In our increasingly globalized and connected world, the ability to work effectively across cultures is more crucial than ever. But what exactly does this entail?

In this episode, we delve into the concept of Cultural Intelligence (CQ) and its role in navigating the challenges of working in a cross-cultural environment.

What is cultural intelligence?

The traditional golden rule—treating others as you’d like to be treated—may prove risky in multicultural contexts. Different cultures tend to have different expectations, and a more nuanced approach to bonding with people across cultures feels like a more appropriate approach.  This is where cultural intelligence, or cultural quotient (CQ), comes into play.

Let’s start by looking at the definition of cultural intelligence. Cultural intelligence is the ability to interact effectively with people from different cultures. It involves understanding and appreciating cultural differences and being able to adapt your own behavior to accommodate those differences.

Individuals with high Cultural Intelligence excel in cross-cultural interactions, as they are able to navigate the complexities of diverse cultures with ease. They quickly build trust and rapport and are proficient in communicating across cultural boundaries.

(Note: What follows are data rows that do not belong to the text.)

(* Let $T_{ab}$ be a rank-2 tensor with symmetric part $S_{ab}=T_{(ab)}$ and antisymmetric part $F_{ab}=T_{[ab]}$. Then there is a real $f$ with $$S_{ac}S_b{}^c+F_{ac}F_b{}^c=fg_{ab},\qquad S_{ac}F_b{}^c+S_{bc}F_a{}^c=0$$ if and only if $T_a{}^b$ defines a null-cone bi-preserving map. Furthermore, in that case $S_{ab}\in\mathcal{DP}\cup-\mathcal{DP}$.
   Context: Lorentzian metric $g_{ab}$ of signature $(+,-,\dots,-)$, dimension $N\ge3$, with time orientation. $T_a{}^b$ is null-cone bi-preserving if both $k^aT_a{}^b$ and $T_a{}^bk_b$ are null or zero for every null $k$ (null: $k\ne0$, $k\cdot k=0$). $\mathcal{DP}$: rank-2 tensors $X$ with $X_{ab}u^av^b\ge0$ for all causal future-pointing $u,v$; $-\mathcal{DP}$ their negatives. *)

From HB Require Import structures.
From mathcomp Require Import all_boot all_order all_algebra.
From mathcomp Require Import reals.
Set Implicit Arguments. Unset Strict Implicit. Unset Printing Implicit Defensive.
Import Order.TTheory GRing.Theory Num.Theory.
Local Open Scope ring_scope.

Section Defs.
Variable R : realType.
Variable N : nat.

Definition minkowski : 'M[R]_N :=
  \matrix_(i, j) (if i == j then (if val i == 0%N then 1 else -1) else 0).

Definition form (M : 'M[R]_N) (u v : 'cV[R]_N) : R := (u^T *m M *m v) 0 0.

Definition lorentzian (g : 'M[R]_N) : Prop :=
  exists P : 'M[R]_N, P \in unitmx /\ g = P^T *m minkowski *m P.

(* time orientation is given by a timelike vector t0 *)
Definition timelike (g : 'M[R]_N) (t : 'cV[R]_N) : Prop := 0 < form g t t.

Definition null (g : 'M[R]_N) (k : 'cV[R]_N) : Prop :=
  k != 0 /\ form g k k = 0.

Definition causal_future (g : 'M[R]_N) (t0 u : 'cV[R]_N) : Prop :=
  u != 0 /\ 0 <= form g u u /\ 0 < form g u t0.

(* T_ab with both indices down; T_a^b = T_ac g^cb.
   k^a T_a^b is the vector g^{-1} T^T k ; T_a^b k_b is the covector T k.
   "null or zero" means the (co)vector has zero squared norm. *)
Definition ncbp (g T : 'M[R]_N) : Prop :=
  forall k : 'cV[R]_N, null g k ->
    form g (invmx g *m T^T *m k) (invmx g *m T^T *m k) = 0 /\
    form (invmx g) (T *m k) (T *m k) = 0.

Definition DP (g : 'M[R]_N) (t0 : 'cV[R]_N) (X : 'M[R]_N) : Prop :=
  forall u v, causal_future g t0 u -> causal_future g t0 v -> 0 <= form X u v.

Definition symp (T : 'M[R]_N) : 'M[R]_N := 2^-1 *: (T + T^T).
Definition antisymp (T : 'M[R]_N) : 'M[R]_N := 2^-1 *: (T - T^T).

End Defs.

(* Put A := T^T g^-1 T and B := T g^-1 T^T (gram T and gram T^T below).  The
   null-cone conditions on T say that the quadratic forms of A and B vanish on
   the null cone of g, so A = f g and B = f' g, and f = f' by comparing the traces
   of A g^-1 and B g^-1.  The equations on S and F say the same thing, since
   S g^-1 S^T + F g^-1 F^T = (A + B) / 2 and S g^-1 F^T + F g^-1 S^T = (B - A) / 2.
   When N >= 3 the factor f is nonnegative (otherwise two orthogonal spacelike
   vectors would be sent to two orthogonal timelike ones), so g^-1 T and g^-1 T^T
   send causal vectors to causal vectors.  Then T(u, v) = g(u, g^-1 T v) has a
   sign independent of the future causal vectors u and v, hence so has S. *)

From Pilot Require Import Defs.
From HB Require Import structures.
From mathcomp Require Import all_boot all_order all_algebra.
From mathcomp Require Import reals.
From mathcomp Require Import ring lra.
From Stdlib Require Import Classical.
Set Implicit Arguments. Unset Strict Implicit. Unset Printing Implicit Defensive.
Import Order.TTheory GRing.Theory Num.Theory.
Local Open Scope ring_scope.

(* Plain [form] would denote mathcomp's sesquilinear form. *)
Local Notation form := Defs.form.

Section BilinearForm.
Variables (R : realType) (N : nat).
Implicit Types (M A B C D : 'M[R]_N) (u v w : 'cV[R]_N).

Lemma formDl M u v w : form M (u + v) w = form M u w + form M v w.
Proof. by rewrite /form linearD /= !mulmxDl mxE. Qed.

Lemma formDr M u v w : form M w (u + v) = form M w u + form M w v.
Proof. by rewrite /form mulmxDr mxE. Qed.

Lemma formZl M a u w : form M (a *: u) w = a * form M u w.
Proof. by rewrite /form linearZ /= -!scalemxAl mxE. Qed.

Lemma formZr M a u w : form M w (a *: u) = a * form M w u.
Proof. by rewrite /form -scalemxAr mxE. Qed.

Lemma form0l M v : form M 0 v = 0.
Proof. by rewrite /form linear0 !mul0mx mxE. Qed.

Lemma form0r M u : form M u 0 = 0.
Proof. by rewrite /form mulmx0 mxE. Qed.

Lemma form_mxD A B u v : form (A + B) u v = form A u v + form B u v.
Proof. by rewrite /form mulmxDr mulmxDl mxE. Qed.

Lemma form_mxZ a A u v : form (a *: A) u v = a * form A u v.
Proof. by rewrite /form -scalemxAr -scalemxAl mxE. Qed.

Lemma form_mxN A u v : form (- A) u v = - form A u v.
Proof. by rewrite -scaleN1r form_mxZ mulN1r. Qed.

Lemma form_trmx M u v : form M u v = form M^T v u.
Proof.
rewrite /form.
have -> : v^T *m M^T *m u = (u^T *m M *m v)^T by rewrite !trmx_mul trmxK mulmxA.
by rewrite [RHS]mxE.
Qed.

Lemma form_mulmx C D M u v : form (C^T *m M *m D) u v = form M (C *m u) (D *m v).
Proof. by rewrite /form trmx_mul !mulmxA. Qed.

Lemma form_delta M (i j : 'I_N) : form M (delta_mx i 0) (delta_mx j 0) = M i j.
Proof. by rewrite /form trmx_delta -rowE -colE !mxE. Qed.

Lemma form_comb3 M (a b c : R) (i j k : 'I_N) :
  let x := a *: delta_mx i 0 + b *: delta_mx j 0 + c *: delta_mx k 0 in
  form M x x =
    a * a * M i i + a * b * M i j + a * c * M i k
  + b * a * M j i + b * b * M j j + b * c * M j k
  + c * a * M k i + c * b * M k j + c * c * M k k.
Proof. by rewrite /= !(formDl, formDr, formZl, formZr) !form_delta; ring. Qed.

End BilinearForm.

Section Minkowski.
Variables (R : realType) (N : nat).
Hypothesis N_gt0 : (0 < N)%N.
Implicit Types (X Y : 'cV[R]_N).

Local Notation Mk := (minkowski R N).
Definition time0 : 'I_N := Ordinal N_gt0.

Lemma minkowskiE (i j : 'I_N) :
  Mk i j = if i == j then (if i == time0 then 1 else -1) else 0.
Proof. by rewrite mxE; case: eqP. Qed.

Lemma trmx_minkowski : Mk^T = Mk.
Proof. by apply/matrixP => i j; rewrite !mxE eq_sym; case: eqP => // ->. Qed.

Lemma minkowski_unit : Mk \in unitmx.
Proof.
suff Mk2 : Mk *m Mk = 1%:M by exact: (mulmx1_unit Mk2).1.
apply/matrixP => i j; rewrite !mxE (bigD1 i) //= big1 ?addr0.
  rewrite !minkowskiE eqxx; case: (eqVneq i j) => [->|]; last by rewrite mulr0.
  by case: ifP => _; rewrite ?mulr1 ?mulrNN ?mulr1.
by move=> k hk; rewrite minkowskiE eq_sym (negbTE hk) mul0r.
Qed.

Lemma form_minkowski X Y :
  form Mk X Y = X time0 0 * Y time0 0 - \sum_(i | i != time0) X i 0 * Y i 0.
Proof.
have col_Mk i : (Mk *m Y) i 0 = (if i == time0 then 1 else -1) * Y i 0.
  rewrite mxE (bigD1 i) //= big1 ?addr0; first by rewrite minkowskiE eqxx.
  by move=> k hk; rewrite minkowskiE eq_sym (negbTE hk) mul0r.
rewrite /form -mulmxA mxE (bigD1 time0) //= -sumrN col_Mk eqxx mul1r mxE.
congr (_ + _); apply: eq_bigr => i /negbTE hi.
by rewrite col_Mk hi mxE mulN1r mulrN.
Qed.

Lemma form_minkowski_diag X :
  form Mk X X = X time0 0 ^+ 2 - \sum_(i | i != time0) X i 0 ^+ 2.
Proof. by rewrite form_minkowski -expr2; under eq_bigr do rewrite -expr2. Qed.

Lemma spatial_cauchy_schwarz X Y :
  0 <= Y time0 0 ^+ 2 * \sum_(i | i != time0) X i 0 ^+ 2
     + X time0 0 ^+ 2 * \sum_(i | i != time0) Y i 0 ^+ 2
     - 2 * X time0 0 * Y time0 0 * \sum_(i | i != time0) X i 0 * Y i 0.
Proof.
rewrite !mulr_sumr -!big_split -sumrB /=; apply: sumr_ge0 => i _.
have -> : (Y time0 0 ^+ 2 * X i 0 ^+ 2 + X time0 0 ^+ 2 * Y i 0 ^+ 2
   - 2 * X time0 0 * Y time0 0 * (X i 0 * Y i 0)) =
   (Y time0 0 * X i 0 - X time0 0 * Y i 0) ^+ 2 by ring.
exact: sqr_ge0.
Qed.

Lemma minkowski_causal_eq0 X : 0 <= form Mk X X -> X time0 0 = 0 -> X = 0.
Proof.
rewrite form_minkowski_diag => hX hX0; rewrite hX0 expr0n /= sub0r oppr_ge0 in hX.
have hs : \sum_(i | i != time0) X i 0 ^+ 2 = 0.
  by apply/eqP; rewrite eq_le hX sumr_ge0 // => i _; apply: sqr_ge0.
apply/matrixP => i j; rewrite (ord1 j) mxE.
have [->//|hi] := eqVneq i time0.
by apply/eqP; rewrite -sqrf_eq0; apply/eqP/(psumr_eq0P _ hs) => // k _; apply: sqr_ge0.
Qed.

Lemma minkowski_causal_time_sign X Y :
  0 <= form Mk X X -> 0 <= form Mk Y Y ->
  0 <= form Mk X Y * (X time0 0 * Y time0 0).
Proof.
rewrite !form_minkowski_diag form_minkowski; have := spatial_cauchy_schwarz X Y.
move: (X time0 0) (Y time0 0) => a b.
move: (\sum_(i | _) X i 0 ^+ 2) (\sum_(i | _) Y i 0 ^+ 2) => p r.
move: (\sum_(i | _) _ * _) => d hk hx hy.
have := mulr_ge0 (sqr_ge0 b) hx; have := mulr_ge0 (sqr_ge0 a) hy.
nra.
Qed.

Lemma minkowski_timelike_causal_neq0 X Y :
  0 < form Mk X X -> 0 <= form Mk Y Y -> Y != 0 -> form Mk X Y != 0.
Proof.
move=> hX hY; apply: contraNneq => hXY.
apply/eqP/minkowski_causal_eq0 => //; move: hX hY hXY.
rewrite !form_minkowski_diag form_minkowski; have := spatial_cauchy_schwarz X Y.
move: (X time0 0) (Y time0 0) => a b.
move: (\sum_(i | _) X i 0 ^+ 2) (\sum_(i | _) Y i 0 ^+ 2) => p r.
move: (\sum_(i | _) _ * _) => d hk hx hy hxy.
have := mulr_ge0 (sqr_ge0 a) hy.
have : b ^+ 2 <= 0 by nra.
by move=> hb _; apply/eqP; rewrite -sqrf_eq0 eq_le hb sqr_ge0.
Qed.

Section NullCone.
Variable Q : 'M[R]_N.
Hypothesis Q_sym : Q^T = Q.
Hypothesis Q_null : forall X, X != 0 -> form Mk X X = 0 -> form Q X X = 0.

Let Qsym i j : Q j i = Q i j.
Proof. by rewrite -[in LHS]Q_sym mxE. Qed.

Let Q_null3 (a b c : R) (j k : 'I_N) : a != 0 -> j != time0 -> k != time0 ->
  let x := a *: delta_mx time0 0 + b *: delta_mx j 0 + c *: delta_mx k 0 in
  form Mk x x = 0 -> form Q x x = 0.
Proof.
move=> a0 hj hk x; apply: Q_null; apply: contra a0 => /eqP/matrixP/(_ time0 0).
rewrite !mxE !eqxx eq_sym (negbTE hj) eq_sym (negbTE hk).
by rewrite !mulr0 !addr0 mulr1 => ->.
Qed.

Lemma null_quadratic_time_space i :
  i != time0 -> Q time0 i = 0 /\ Q i i = - Q time0 time0.
Proof.
move=> hi; have hi' : time0 != i by rewrite eq_sym.
have := @Q_null3 1 1 0 i i (oner_neq0 _) hi hi.
have := @Q_null3 1 (-1) 0 i i (oner_neq0 _) hi hi.
rewrite /= !form_comb3 !minkowskiE !eqxx (negbTE hi) (negbTE hi') Qsym.
move=> /(_ ltac:(ring)) h1 /(_ ltac:(ring)) h2; split; lra.
Qed.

How culturally intelligent are you?

In an increasingly globalized world, cultural intelligence (CQ) has become an essential skill, both personally and professionally. But what does it truly mean to be culturally intelligent?

Cultural intelligence goes beyond mere awareness of different practices, languages, and customs. It involves an active understanding and appreciation of cultural differences and the ability to adapt your behavior and attitude accordingly.

So, how culturally intelligent are you? Consider these aspects:

  • Awareness: Can you recognize differences and similarities across cultures? Are you aware of your own cultural biases and how they might impact your interactions with people from other cultures?
  • Knowledge: Do you actively seek to understand the cultural norms, practices, and values of others? This includes both the observable aspects, like traditions and behaviors, and the unobservable ones, like beliefs and values.
  • Empathy: Can you empathize with people from different cultural backgrounds, seeing things from their perspective without judgment
  • Adaptability: Are you able to adapt your communication style, behaviors, and expectations to fit various cultural contexts?
  • Curiosity: Do you have a genuine interest in learning about other cultures, asking questions, and engaging in cross-cultural experiences
  • Respect: Do you show respect for different cultural perspectives and practices, even if they are vastly different from your own?
  • Reflection: Do you regularly reflect on your cross-cultural experiences to gain deeper insights and improve your interactions?
  • Flexibility. Are OK with being uncomfortable and not knowing everything? Can you make sense of unfamiliar situations and blend in?

Cultural intelligence is not about knowing everything about every culture. It's about being aware of your own cultural lens, showing respect and empathy towards other cultures, and being willing to learn and adapt. It's a continuous journey, one that enriches both our personal and professional lives.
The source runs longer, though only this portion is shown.